Theorem mainTheorem11 :
  forall (a b : nat), (0 < a)%nat -> (0 < b)%nat -> Nat.gcd a b = 1%nat ->
  forall f : HFun, Cc_infty_Hbar f ->
  (forall th x y t,
     Ir a b (Rot th f) x y t =
     Ir a b f (rotx th x y) (roty th x y) (t - / 2 * ratio a b * th)) /\
  (forall dthf : HFun,
     (* dthf = partial_theta f = d/dtheta|_{theta=0} R_theta^* f *)
     (forall x y t, is_derive (K := R_AbsRing) (V := C_R_NormedModule)
                      (fun th => Rot th f x y t) 0 (dthf x y t)) ->
     forall x y t,
       exists dth dT : C,
         is_derive (K := R_AbsRing) (V := C_R_NormedModule)
           (fun th => Rot th (Ir a b f) x y t) 0 dth /\
         is_derive (K := R_AbsRing) (V := C_R_NormedModule)
           (fun s => Ir a b f x y s) t dT /\
         Ir a b dthf x y t = Cminus dth (Cmult (RtoC (/ 2 * ratio a b)) dT)).
Proof.
  intros a b Ha Hb _ f [Hsmooth [Hper _]].
  destruct (Hsmooth 1%nat) as [Hc [fx [fy [ft [Dx [Dy [Dt [[Cx _] [[Cy _] [Ct _]]]]]]]]]].
  split.
  - exact (Ir_Rot a b Ha Hb f Hc Hper).
  - exact (Ir_Rot_derivative a b Ha Hb f fx fy ft Hc Hper Dx Dy Dt Cx Cy Ct).
Qed.
Theorem proposition2 (n : nat) (x0 : R) :
  (2 <= n)%nat ->
  forall eps : R, 0 < eps ->
  exists delta : R, 0 < delta /\
    forall y : R, y <> 0 -> Rabs y < delta ->
      Rabs (psi n x0 y - A_const n x0 * Rabs y) <= eps * (A_const n x0 * Rabs y).
Proof.
  intros Hn eps Heps. rewrite A_const_eq.
  assert (Hm : (1 <= n - 1)%nat) by lia.
  pose proof (reduced_integral_0_pos (n - 1) x0 Hm) as HA.
  destruct (reduced_integral_cont_at0 (n - 1) x0 Hm (eps * reduced_integral (n - 1) x0 0))
    as [delta [Hdelta Hclose]]; [nra|].
  exists delta. split; auto. intros y Hy Hyd.
  destruct (Hclose y Hy Hyd) as [G2 Hd].
  rewrite psi_eq by auto.
  replace (Rabs y * reduced_integral (n - 1) x0 y - reduced_integral (n - 1) x0 0 * Rabs y) with
    (Rabs y * (reduced_integral (n - 1) x0 y - reduced_integral (n - 1) x0 0)) by ring.
  rewrite Rabs_mult, Rabs_Rabsolu.
  replace (eps * (reduced_integral (n - 1) x0 0 * Rabs y)) with
    (Rabs y * (eps * reduced_integral (n - 1) x0 0)) by ring.
  apply Rmult_le_compat_l; auto. apply Rabs_pos.
Qed.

▶ Requirement
Without omitting anything, output the entries exactly.

▶ Reply to the task
Theorem mainTheorem11 :
  forall (a b : nat), (0 < a)%nat -> (0 < b)%nat -> Nat.gcd a b = 1%nat ->
  forall f : HFun, Cc_infty_Hbar f ->
  (forall th x y t,
     Ir a b (Rot th f) x y t =
     Ir a b f (rotx th x y) (roty th x y) (t - / 2 * ratio a b * th)) /\
  (forall dthf : HFun,
     (* dthf = partial_theta f = d/dtheta|_{theta=0} R_theta^* f *)
     (forall x y t, is_derive (K := R_AbsRing) (V := C_R_NormedModule)
                      (fun th => Rot th f x y t) 0 (dthf x y t)) ->
     forall x y t,
       exists dth dT : C,
         is_derive (K := R_AbsRing) (V := C_R_NormedModule)
           (fun th => Rot th (Ir a b f) x y t) 0 dth /\
         is_derive (K := R_AbsRing) (V := C_R_NormedModule)
           (fun s => Ir a b f x y s) t dT /\
         Ir a b dthf x y t = Cminus dth (Cmult (RtoC (/ 2 * ratio a b)) dT)).
Proof.
  intros a b Ha Hb _ f [Hsmooth [Hper _]].
  destruct (Hsmooth 1%nat) as [Hc [fx [fy [ft [Dx [Dy [Dt [[Cx _] [[Cy _] [Ct _]]]]]]]]]].
  split.
  - exact (Ir_Rot a b Ha Hb f Hc Hper).
  - exact (Ir_Rot_derivative a b Ha Hb f fx fy ft Hc Hper Dx Dy Dt Cx Cy Ct).
Qed.
Theorem proposition2 (n : nat) (x0 : R) :
  (2 <= n)%nat ->
  forall eps : R, 0 < eps ->
  exists delta : R, 0 < delta /\
    forall y : R, y <> 0 -> Rabs y < delta ->
      Rabs (psi n x0 y - A_const n x0 * Rabs y) <= eps * (A_const n x0 * Rabs y).
Proof.
  intros Hn eps Heps. rewrite A_const_eq.
  assert (Hm : (1 <= n - 1)%nat) by lia.
  pose proof (reduced_integral_0_pos (n - 1) x0 Hm) as HA.
  destruct (reduced_integral_cont_at0 (n - 1) x0 Hm (eps * reduced_integral (n - 1) x0 0))
    as [delta [Hdelta Hclose]]; [nra|].
  exists delta. split; auto. intros y Hy Hyd.
  destruct (Hclose y Hy Hyd) as [G2 Hd].
  rewrite psi_eq by auto.
  replace (Rabs y * reduced_integral (n - 1) x0 y - reduced_integral (n - 1) x0 0 * Rabs y) with
    (Rabs y * (reduced_integral (n - 1) x0 y - reduced_integral (n - 1) x0 0)) by ring.
  rewrite Rabs_mult, Rabs_Rabsolu.
  replace (eps * (reduced_integral (n - 1) x0 0 * Rabs y)) with
    (Rabs y * (eps * reduced_integral (n - 1) x0 0)) by ring.
  apply Rmult_le_compat_l; auto. apply Rabs_pos.
Qed.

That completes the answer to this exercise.